STADTBILD

In Deutschland steigt die xenophobe Gewalt.

Bundeskanzler Friedrich Merz scheint ›fremdländisch aussehende‹ Männer als Problem ausgemacht zu haben. Sexualisierte ›Messermänner‹ betrachten wohl in seiner Vorstellung Frauen als ihr Eigentum, bedrängen und vergewaltigen ›unsere Töchter‹. Deshalb sorgt sich Merz um das deutsche STADTBILD: »[…] Aber wir haben natürlich immer im Stadtbild noch dieses Problem, und deswegen ist der Bundesinnenminister ja auch dabei, jetzt in sehr großem Umfang auch Rückführungen zu ermöglichen und durchzuführen.« (14.10.).
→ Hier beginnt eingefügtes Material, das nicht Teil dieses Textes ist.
(* For $n_1,n_2\ge 1$ and irreducible vectors $\vec{\mathsf b}\in\mathrm{Vec}(\mathrm{E(NE)}^{n_1-1})$, $\vec{\mathsf b}'\in\mathrm{Vec}(\mathrm{E(NE)}^{n_2-1})$, define $$\vec{\mathsf b}+\vec{\mathsf b}'=(\mathsf b_0,\dots,\mathsf b_{2n_1-1},\ \mathsf b'_0+n_1,\dots,\mathsf b'_{2n_2-1}+n_1)\in\mathrm{Vec}(\mathrm{E(NE)}^{n_1+n_2-1}).$$ Then every $\vec{\mathsf b}\in\mathrm{Vec}(\mathrm{E(NE)}^{n-1})$ ($n\ge1$) can be written as a sum $\vec{\mathsf b}^{(1)}+\cdots+\vec{\mathsf b}^{(r)}$ of irreducible vectors $\vec{\mathsf b}^{(i)}\in\mathrm{Vec}(\mathrm{E(NE)}^{k_i-1})$ with $k_1+\cdots+k_r=n$ (the sum being taken left to right, with the shift by the total size of the preceding summands). Moreover, $\vec{\mathsf b}$ is $t$-$\mathsf{Pop}$-sortable in $\mathrm{Vec}(\mathrm{E(NE)}^{n-1})$ if and only if each $\vec{\mathsf b}^{(i)}$ is $t$-$\mathsf{Pop}$-sortable in $\mathrm{Vec}(\mathrm{E(NE)}^{k_i-1})$.
   Context: For $\nu=\mathrm{E(NE)}^{n-1}$ (a path of $2n-1$ steps ending at height $n-1$), $\mathrm{Vec}(\nu)$ is the set of integer vectors $(\mathsf b_0,\dots,\mathsf b_{2n-1})$ with $\mathsf b_{2k+1}=k$ for $0\le k\le n-1$, $\lfloor i/2\rfloor\le\mathsf b_i\le n-1$ for all $i$, and such that $\mathsf b_i=k$ implies $\mathsf b_j\le k$ for all $i+1\le j\le 2k+1$. With the componentwise order it is a finite lattice isomorphic to the Tamari lattice $\mathrm{Tam}_n$. A vector is irreducible if $\mathsf b_0=\mathsf b_{2n-1}$ (i.e. $\mathsf b_0=n-1$). For a finite lattice $M$ with minimum $\hat0$, $\mathsf{Pop}_M(x)=\bigwedge(\{y: y\lessdot x\}\cup\{x\})$ and $x$ is $t$-$\mathsf{Pop}$-sortable if $\mathsf{Pop}_M^t(x)=\hat 0$. *)

From mathcomp Require Import all_boot.
Set Implicit Arguments. Unset Strict Implicit. Unset Printing Implicit Defensive.

(* Vec(E(NE)^{n-1}) membership *)
Definition in_vec (n : nat) (b : seq nat) : bool :=
  [&& size b == 2 * n,
      [forall k : 'I_n, nth 0 b (2 * k + 1) == k],
      [forall i : 'I_(2 * n), (i./2 <= nth 0 b i) && (nth 0 b i <= n.-1)] &
      [forall i : 'I_(2 * n), forall j : 'I_(2 * n),
         ((i.+1 <= j) && (j <= 2 * nth 0 b i + 1)) ==> (nth 0 b j <= nth 0 b i)]].

Definition irreducible_vec (n : nat) (b : seq nat) : bool :=
  nth 0 b 0 == nth 0 b (2 * n).-1.

(* Iterated sum of vectors, left to right: each summand (k, b) is a vector of
   Vec(E(NE)^{k-1}); later summands are shifted by the total size of the
   preceding ones.  b + b' = b ++ map (+ n1) b'. *)
Fixpoint vsum (ds : seq (nat * seq nat)) : seq nat :=
  match ds with
  | [::] => [::]
  | (k, b) :: ds' => b ++ map (addn k) (vsum ds')
  end.

Definition vle (b c : seq nat) : bool := all2 leq b c.
Definition vlt (b c : seq nat) : bool := vle b c && (b != c).

Definition covby (n : nat) (y x : seq nat) : Prop :=
  [/\ in_vec n y, in_vec n x, vlt y x &
      forall w, in_vec n w -> vlt y w -> ~~ vlt w x].

Definition pop_set (n : nat) (x y : seq nat) : Prop := y = x \/ covby n y x.
(* There are infinitely many odd positive integers $N$ for which there are no palindromic numbers $A,B$ with $N=A/B$.
   Context: A positive integer $n$ is palindromic if its binary representation (most significant digit first, no leading zeros) reads the same forwards and backwards. *)

From mathcomp Require Import all_boot.
Set Implicit Arguments. Unset Strict Implicit. Unset Printing Implicit Defensive.

(* Binary digits of n, least significant first, no leading zeros
   (bits 0 = [::]). Fuel n suffices since n halves each step. *)
Fixpoint bits_aux (fuel n : nat) : seq bool :=
  match fuel with
  | 0 => [::]
  | f.+1 => if n == 0 then [::] else odd n :: bits_aux f n./2
  end.
Definition bits (n : nat) : seq bool := bits_aux n n.

Definition palindromic (n : nat) : bool := (0 < n) && (rev (bits n) == bits n).

From mathcomp Require Import all_boot zify.

Set Implicit Arguments.
Unset Strict Implicit.
Unset Printing Implicit Defensive.

(* Let N = 2^k + 3 with k >= 5 and suppose A = N B for binary palindromes A, B.
   Modulo 8 we have A = 3 B, which flips bit 1 and keeps bit 2 of the odd
   number B.  Reading a palindrome backwards, bits 1 and 2 are also its second
   and third leading bits, so the leading three bits of A and B, as numbers in
   [4, 8), differ by 2.  But A = 2^k B + 3 B, and 3 B is too small to move the
   leading three bits of 2^k B by more than a carry of 1. *)

Definition bitn (n i : nat) : bool := odd (n %/ 2 ^ i).

Lemma bitn0 n : bitn n 0 = odd n.
Proof. by rewrite /bitn expn0 divn1. Qed.

Lemma bitn_div n m i : bitn (n %/ 2 ^ m) i = bitn n (m + i).
Proof. by rewrite /bitn expnD divnMA. Qed.

Lemma bitn_addl k x y i : i < k -> bitn (2 ^ k * x + y) i = bitn y i.
Proof.
move=> ltik; rewrite /bitn -(subnKC (ltnW ltik)) expnD -mulnA mulnC.
rewrite divnMDl ?expn_gt0 //.
by rewrite oddD oddM oddX subn_eq0 leqNgt ltik.
Qed.

Lemma nth_bits_aux f n i : n <= f -> nth false (bits_aux f n) i = bitn n i.
Proof.
elim: f n i => [|f IH] n i /=.
  by rewrite leqn0 => /eqP ->; rewrite nth_nil /bitn div0n.
move=> le_nf; have [->|n_gt0] := posnP n; first by rewrite nth_nil /bitn div0n.
case: i => [|i] /=; first by rewrite bitn0.
rewrite IH -?divn2; last by lia.
by rewrite -(bitn_div n 1) expn1.
Qed.

Lemma nth_bits n i : nth false (bits n) i = bitn n i.
Proof. exact: nth_bits_aux. Qed.

Lemma size_bits_aux f n : 0 < n <= f -> size (bits_aux f n) = (trunc_log 2 n).+1.
Proof.
elim: f n => [|f IH] n /=; first by lia.
move=> /andP[n_gt0 le_nf]; rewrite eqn0Ngt n_gt0 /=.
have [n_le1|n_gt1] := leqP n 1.
  have -> : n = 1 by lia.
  by rewrite trunc_log1; case: (f).
rewrite IH; last by apply/andP; split; lia.
by rewrite [in RHS]trunc_log2S.
Qed.

Lemma size_bits n : 0 < n -> size (bits n) = (trunc_log 2 n).+1.
Proof. by move=> n_gt0; rewrite size_bits_aux // n_gt0 leqnn. Qed.

Lemma bitn_trunc_log n : 0 < n -> bitn n (trunc_log 2 n).
Proof.
rewrite /bitn => n_gt0; suff -> : n %/ 2 ^ trunc_log 2 n = 1 by [].
apply/eqP; rewrite eqn_leq -ltnS ltn_divLR ?leq_divRL ?expn_gt0 // mul1n.
by rewrite trunc_logP // -expnS trunc_log_ltn.
Qed.

Lemma bitn_mod x k i : i < k -> bitn (x %% 2 ^ k) i = bitn x i.
Proof. by move=> ltik; rewrite [in RHS](divn_eq x (2 ^ k)) mulnC bitn_addl. Qed.

Lemma bitn_mul3 B : odd B -> bitn (3 * B) 1 = ~~ bitn B 1 /\ bitn (3 * B) 2 = bitn B 2.
Proof.
move=> oB; have bitn_mod8 x i : i < 3 -> bitn x i = bitn (x %% 8) i.
  by move=> lt_i3; rewrite (bitn_mod x lt_i3).
rewrite [bitn (3 * B) 1]bitn_mod8 // [bitn (3 * B) 2]bitn_mod8 //.
rewrite [bitn B 1]bitn_mod8 // [bitn B 2]bitn_mod8 // -modnMmr.
have : odd (B %% 8) by rewrite odd_mod.
have : B %% 8 < 8 by rewrite ltn_mod.
by case: (B %% 8) => [|[|[|[|[|[|[|[|]]]]]]]].
Qed.

Lemma palindromic_bitnE X i : palindromic X -> i <= trunc_log 2 X ->
  bitn X i = bitn X (trunc_log 2 X - i).
Proof.
case/andP=> X_gt0 /eqP rev_bits le_i.
by rewrite -!nth_bits -{1}rev_bits nth_rev size_bits ?ltnS.
Qed.

Lemma palindromic_odd X : palindromic X -> odd X.
Proof.
move=> pX; have X_gt0 : 0 < X by case/andP: pX.
by rewrite -bitn0 palindromic_bitnE // subn0 bitn_trunc_log.
Qed.

Lemma three_bitsE L : 4 <= L < 8 -> L = 4 + 2 * bitn L 1 + bitn L 0.
Proof. by rewrite /bitn expn1 expn0 divn1 -!modn2; lia. Qed.

(* The three leading binary digits of [n], padded with zeros when [n < 4]. *)
Definition lead3 (n : nat) : nat := n * 4 %/ 2 ^ trunc_log 2 n.

Lemma lead3_bounds n : 0 < n -> 4 <= lead3 n < 8.
Proof.
move=> n_gt0; have lo := trunc_logP (isT : 1 < 2) n_gt0.
have := trunc_log_ltn n (isT : 1 < 2); rewrite expnS => hi.
rewrite /lead3 leq_divRL ?ltn_divLR ?expn_gt0 //.
by move: (2 ^ _) lo hi => P; lia.
Qed.

Lemma lead3_eq n m L : 4 <= L < 8 -> L * 2 ^ m <= n * 4 < L.+1 * 2 ^ m -> lead3 n = L.
Proof.
move=> /andP[L_ge4 L_lt8] /andP[lo hi]; have pow_gt0 : 0 < 2 ^ m by rewrite expn_gt0.
rewrite /lead3; have -> : trunc_log 2 n = m.
  apply: trunc_log_eq => //; rewrite expnS.
  have : 4 * 2 ^ m <= L * 2 ^ m by rewrite leq_mul2r L_ge4 orbT.
  have : L.+1 * 2 ^ m <= 8 * 2 ^ m by rewrite leq_mul2r L_lt8 orbT.
  by lia.
apply/eqP; rewrite eqn_leq leq_divRL // lo andbT.
by rewrite -ltnS ltn_divLR.
Qed.

Lemma lead3_palindromic X : palindromic X -> lead3 X = 4 + 2 * bitn X 1 + bitn X 2.
Proof.
move=> pX; have X_gt0 : 0 < X by case/andP: pX.
have [t_lt2 | t_ge2] := ltnP (trunc_log 2 X) 2.
  have : X < 4.
    apply: leq_trans (trunc_log_ltn X (isT : 1 < 2)) _.
    by rewrite (_ : 4 = 2 ^ 2) // leq_exp2l.
  by case: X pX {X_gt0 t_lt2} => [|[|[|[|]]]].
set t := trunc_log 2 X in t_ge2 *.
have lead3E : lead3 X = X %/ 2 ^ (t - 2).
  rewrite /lead3 -/t -{1}(subnKC t_ge2) expnD.
  by rewrite [X * 4]mulnC divnMl.
have L_bounds := lead3_bounds X_gt0; rewrite lead3E in L_bounds *.
rewrite {1}(three_bitsE L_bounds) !bitn_div addn0.
rewrite [bitn X 1](palindromic_bitnE pX) -/t; last by lia.
rewrite [bitn X 2](palindromic_bitnE pX) -/t; last by lia.
by rewrite (_ : t - 2 + 1 = t - 1) //; lia.
Qed.

(* Working modulo 4 absorbs the carry 111 -> 1000. *)
Lemma lead3_shift_add k c B : 0 < B -> 8 * c <= 2 ^ k ->
  lead3 (2 ^ k * B + c * B) = lead3 B %[mod 4] \/
  lead3 (2 ^ k * B + c * B) = (lead3 B).+1 %[mod 4].
Proof.
move=> B_gt0 c_small; set A := 2 ^ k * B + c * B.
set t := trunc_log 2 B; set T := lead3 B; set M := 2 ^ (k + t).
have /andP[T_ge4 T_lt8] : 4 <= T < 8 := lead3_bounds B_gt0.
have pow_gt0 : 0 < 2 ^ t by rewrite expn_gt0.
have T_lo : T * 2 ^ t <= B * 4 := leq_divM _ _.
have T_hi : B * 4 < T.+1 * 2 ^ t := ltn_ceil _ pow_gt0.
have B_lt : B < 2 * 2 ^ t by rewrite -expnS trunc_log_ltn.
have cB_le : c * B * 4 <= M.
  have : c * B <= c * (2 * 2 ^ t) := leq_mul (leqnn c) (ltnW B_lt).
  have : 8 * c * 2 ^ t <= 2 ^ k * 2 ^ t := leq_mul c_small (leqnn _).
  by rewrite /M expnD; lia.
have A_lo : T * M <= A * 4.
  have : 2 ^ k * (T * 2 ^ t) <= 2 ^ k * (B * 4) := leq_mul (leqnn _) T_lo.
  by rewrite /M expnD; lia.
have A_hi : A * 4 < T.+2 * M.
  have : 2 ^ k * (B * 4) < 2 ^ k * (T.+1 * 2 ^ t) by rewrite ltn_pmul2l ?expn_gt0.
  by move: cB_le; rewrite /M expnD; lia.
have [A_lt | A_ge] := ltnP (A * 4) (T.+1 * M).
  by left; rewrite (@lead3_eq A (k + t) T) -/M //; lia.
have [T_lt7 | T_ge7] := ltnP T 7.
  by right; rewrite (@lead3_eq A (k + t) T.+1) -/M //; lia.
right; rewrite (@lead3_eq A (k + t).+1 4) //; first by lia.
have T_eq7 : T = 7 by lia.
by move: A_ge A_hi; rewrite expnS -/M T_eq7; lia.
Qed.

Theorem theorem8 :
  forall m : nat, exists N : nat,
    m < N /\ odd N /\
    ~ (exists A B : nat, palindromic A /\ palindromic B /\ A = N * B).
Proof.
move=> m; set k := m + 5; exists (2 ^ k + 3); split; last split.
- by have := ltn_expl k (isT : 1 < 2); lia.
- by rewrite oddD oddX /k addnS.
move=> [A [B [pA [pB eAB]]]]; have B_gt0 : 0 < B by case/andP: pB.
have [bit1_3B bit2_3B] := bitn_mul3 (palindromic_odd pB).
have low_bitsA i : i < 3 -> bitn A i = bitn (3 * B) i.
  by move=> lt_i3; rewrite eAB mulnDl bitn_addl //; lia.
have c_small : 8 * 3 <= 2 ^ k.
  by apply: leq_trans (_ : 2 ^ 5 <= _); rewrite ?leq_exp2l ?leq_addl.
have := lead3_shift_add B_gt0 c_small.
rewrite -mulnDl -eAB !lead3_palindromic // !low_bitsA // bit1_3B bit2_3B.
by case: (bitn B 1); case: (bitn B 2) => [] [].
Qed.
Eine Bekräftigung des AfD-Versprechens der sogenannten REMIGRATION. Das Bild von einem gereinigten Deutschland ist der Ausdruck eines völkischen Verständnisses dieses Landes. Nach Merz‘ Ansage leben bei uns Menschen, die bleiben dürfen, während andere aus dem »Stadtbild« und überhaupt aus Deutschland entfernt gehören. 

Viel bedrückender ist meines Erachtens die wachsende Armut und die damit verbundene Obdachlosigkeit im öffentlichen Raum.
Das mag dem ehemaligen BlackRock-Mann und Millionär bislang noch nicht aufgefallen sein. Seit der »Agenda 2010« werden Kranke, Arbeitslose und Obdachlose bekämpft. Helfen hier im aktuellen politischen Klima und in einer entsolidarisierten Gesellschaft vielleicht besser auch Abschiebungen? Für ein schönes STADTBILD?

KACKWURST

Darf KACKWURST noch KACKWURST heißen? 

Fleischalternativen liegen im Trend. Doch Begriffe wie »Veggie-Schnitzel« könnten bald verschwinden. Denn das Europaparlament will Bezeichnungen wie »Veggie-Wurst« verbieten lassen. Auch Begriffe wie »Steak« oder »Burger« sollen dem Willen einer Mehrheit der Abgeordneten zufolge künftig nur noch für tierische Lebensmittel verwendet werden dürfen. Denn das Volk ist blöde. Verwechslungsgefahr! Eine Mehrheit der christlich-konservativen Mehrheits-Fraktion um die deutschen ›Verbotsparteien‹ CDU-CSU stimmte kürzlich im Europaparlament für eine entsprechende Gesetzesänderung (08.10.). Auch Bundeskanzler Friedrich Merz hatte den Antrag befürwortet. Die EU-Staaten müssen noch dem Vorhaben zustimmen, damit die Vorgaben in Kraft treten können.
Also: Kackwurst kann auch zukünftig verwendet werden, da tierisch. Hackschnitzel, Fleischtomate oder Fruchtfleisch dagegen gehen gar nicht mehr. Und wie wäre es mit »Veggie-Kitzel«? 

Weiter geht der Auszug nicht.